Dans un carnaval médiatique bouf­fon, après avoir avalé son prétendu adversaire, le fils des élites bourgeoises éructe la grammaire intacte du fascisme: bellicisme (oh intérieur: les sans-papiers, les militants écolos, la racaille) et, nouveau néo-archaïsme à fonction actuelle, le natalisme. L’expression réarmement démographique condense cette rhétorique bio-nécro-politique dans laquelle l’amour est devenu un exercice gymnastique et un objectif économique. En incor­porant le fascisme, par une masti­cation et une déglutition de son principe nourri­cier (une biopolitique social-darwinienne hallucinée), le néolibéralisme devient de facto la pratique gouvernemen­tale du fascisme.

L’introjection anthropophage comme stratégie de gestion des conflits efface et dépasse les anciennes différences entre amis et ennemis et installe une guerre civile éternelle comme forme fondamentale de la politique. War is Peace. Freedom is Slavery. Et cette stratégie, parfaitement consciente, celle de la guerre moderne, est la sidération.

Shock and Awe.

Nous sommes censés en avoir le souffle coupé, et nous taire: Mme Oudea chargée de la jeunesse, Mr Depardieu célébré comme une fierté française, la discrimination positive naguère, les groupes de niveau dans l’École de la République aujourd’hui, l’Affaire Benalla (se déguiser en policier pour taper sur des citoyens … Pour un petit pauvre ce serait au moins 6 mois fermes …), le rabotage des Retraites, la Loi Immigration, l’abolition du Droit du Sol … Et demain … Demain on verra. La politique est un art du mouvement, comme la danse.
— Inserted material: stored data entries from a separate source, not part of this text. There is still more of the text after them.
Definition well_order {A : Type} (lt : A -> A -> Prop) : Prop :=
  well_founded lt /\
  (forall x, ~ lt x x) /\
  (forall x y z, lt x y -> lt y z -> lt x z) /\
  (forall x y, lt x y \/ x = y \/ lt y x).

Definition leo {A : Type} (lt : A -> A -> Prop) (x y : A) : Prop := lt x y \/ x = y.

Definition is_cardinal {A : Type} (lt : A -> A -> Prop) : Prop :=
  well_order lt /\ forall a : A, ~ card_le A {x : A | lt x a}.

Definition cofinal {M : Type} (lt : M -> M -> Prop) (X : M -> Prop) : Prop :=
  forall m, exists x, X x /\ leo lt m x.

Definition cof_is {M : Type} (lt : M -> M -> Prop) (T : Type) : Prop :=
  (exists X, cofinal lt X /\ card_eq {x : M | X x} T) /\
  (forall X, cofinal lt X -> card_le T {x : M | X x}).

Definition singular_with_cof {M : Type} (lt : M -> M -> Prop) (T : Type) : Prop :=
  card_le nat M /\ cof_is lt T /\ card_le T M /\ ~ card_le M T.

Definition small {M : Type} (A : M -> Prop) : Prop := ~ card_le M {b : M | A b}.

Definition le_star {M : Type} (ltM : M -> M -> Prop) (f g : M -> M) : Prop :=
  small (fun b => ltM (g b) (f b)).

Definition lt_star {M T : Type} (ltT : T -> T -> Prop) (f g : M -> T) : Prop :=
  small (fun b : M => leo ltT (g b) (f b)).

Definition dominating_mu {M : Type} (ltM : M -> M -> Prop) (D : (M -> M) -> Prop) : Prop :=
  forall f : M -> M, exists g, D g /\ le_star ltM f g.

Definition dominating_star {M T : Type} (ltT : T -> T -> Prop) (D : (M -> T) -> Prop) : Prop :=
  forall f : M -> T, exists g, D g /\ lt_star ltT f g.

Definition min_card_is {F : Type} (P : (F -> Prop) -> Prop) (K : Type) : Prop :=
  (exists D, P D /\ card_eq {x : F | D x} K) /\
  (forall D, P D -> card_le K {x : F | D x}).

Definition d_mu_is {M : Type} (ltM : M -> M -> Prop) (K : Type) : Prop :=
  min_card_is (dominating_mu ltM) K.

Definition d_star_is {M T : Type} (ltT : T -> T -> Prop) (K : Type) : Prop :=
  min_card_is (F := M -> T) (dominating_star ltT) K.

(* Fix a nondecreasing map nu : theta -> mu with unbounded range (a cofinal sequence in the
   singular cardinal mu) and a map c : mu -> theta with x < nu (c x) for all x.  Composing
   with nu turns a <*-dominating family in ^mu theta into a <=*-dominating family in ^mu mu of
   no larger size, and composing with c does the converse.  Hence the two dominating numbers
   bound each other, and Cantor-Schroeder-Bernstein turns this into an exact cardinality. *)
From Stdlib Require Import Classical ClassicalEpsilon ProofIrrelevance.

Lemma sig_eq {A} (P : A -> Prop) (x y : {a | P a}) : proj1_sig x = proj1_sig y -> x = y.
Proof. apply eq_sig_hprop. intros; apply proof_irrelevance. Qed.

Lemma card_le_trans A B C : card_le A B -> card_le B C -> card_le A C.
Proof. intros [f Hf] [g Hg]. exists (fun x => g (f x)). intros x y E. apply Hf, Hg, E. Qed.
Tous les contraires jusqu’alors irréconciliables sont présents dans le nouveau gouver­nement de Macron, comme les restes d’un processus digestif où seul l’emporte un fascisme post-moderne: un Premier ministre gay coexiste avec des ministres ouvertement homophobes, l’inscription de l’avortement dans la Constitu­tion se conjugue avec l’appel à une politique de Reproduction Nationale, la défense des fem­mes coexiste avec des appels explicites à l’impunité pour les viols et les abus sexuels. Homosexualité et homophobie. Féminisme et féminicide. Écologie et écocide. Nationalisme et mondialisation. Manquent seulement la liberté, l’égalité et la fraternité.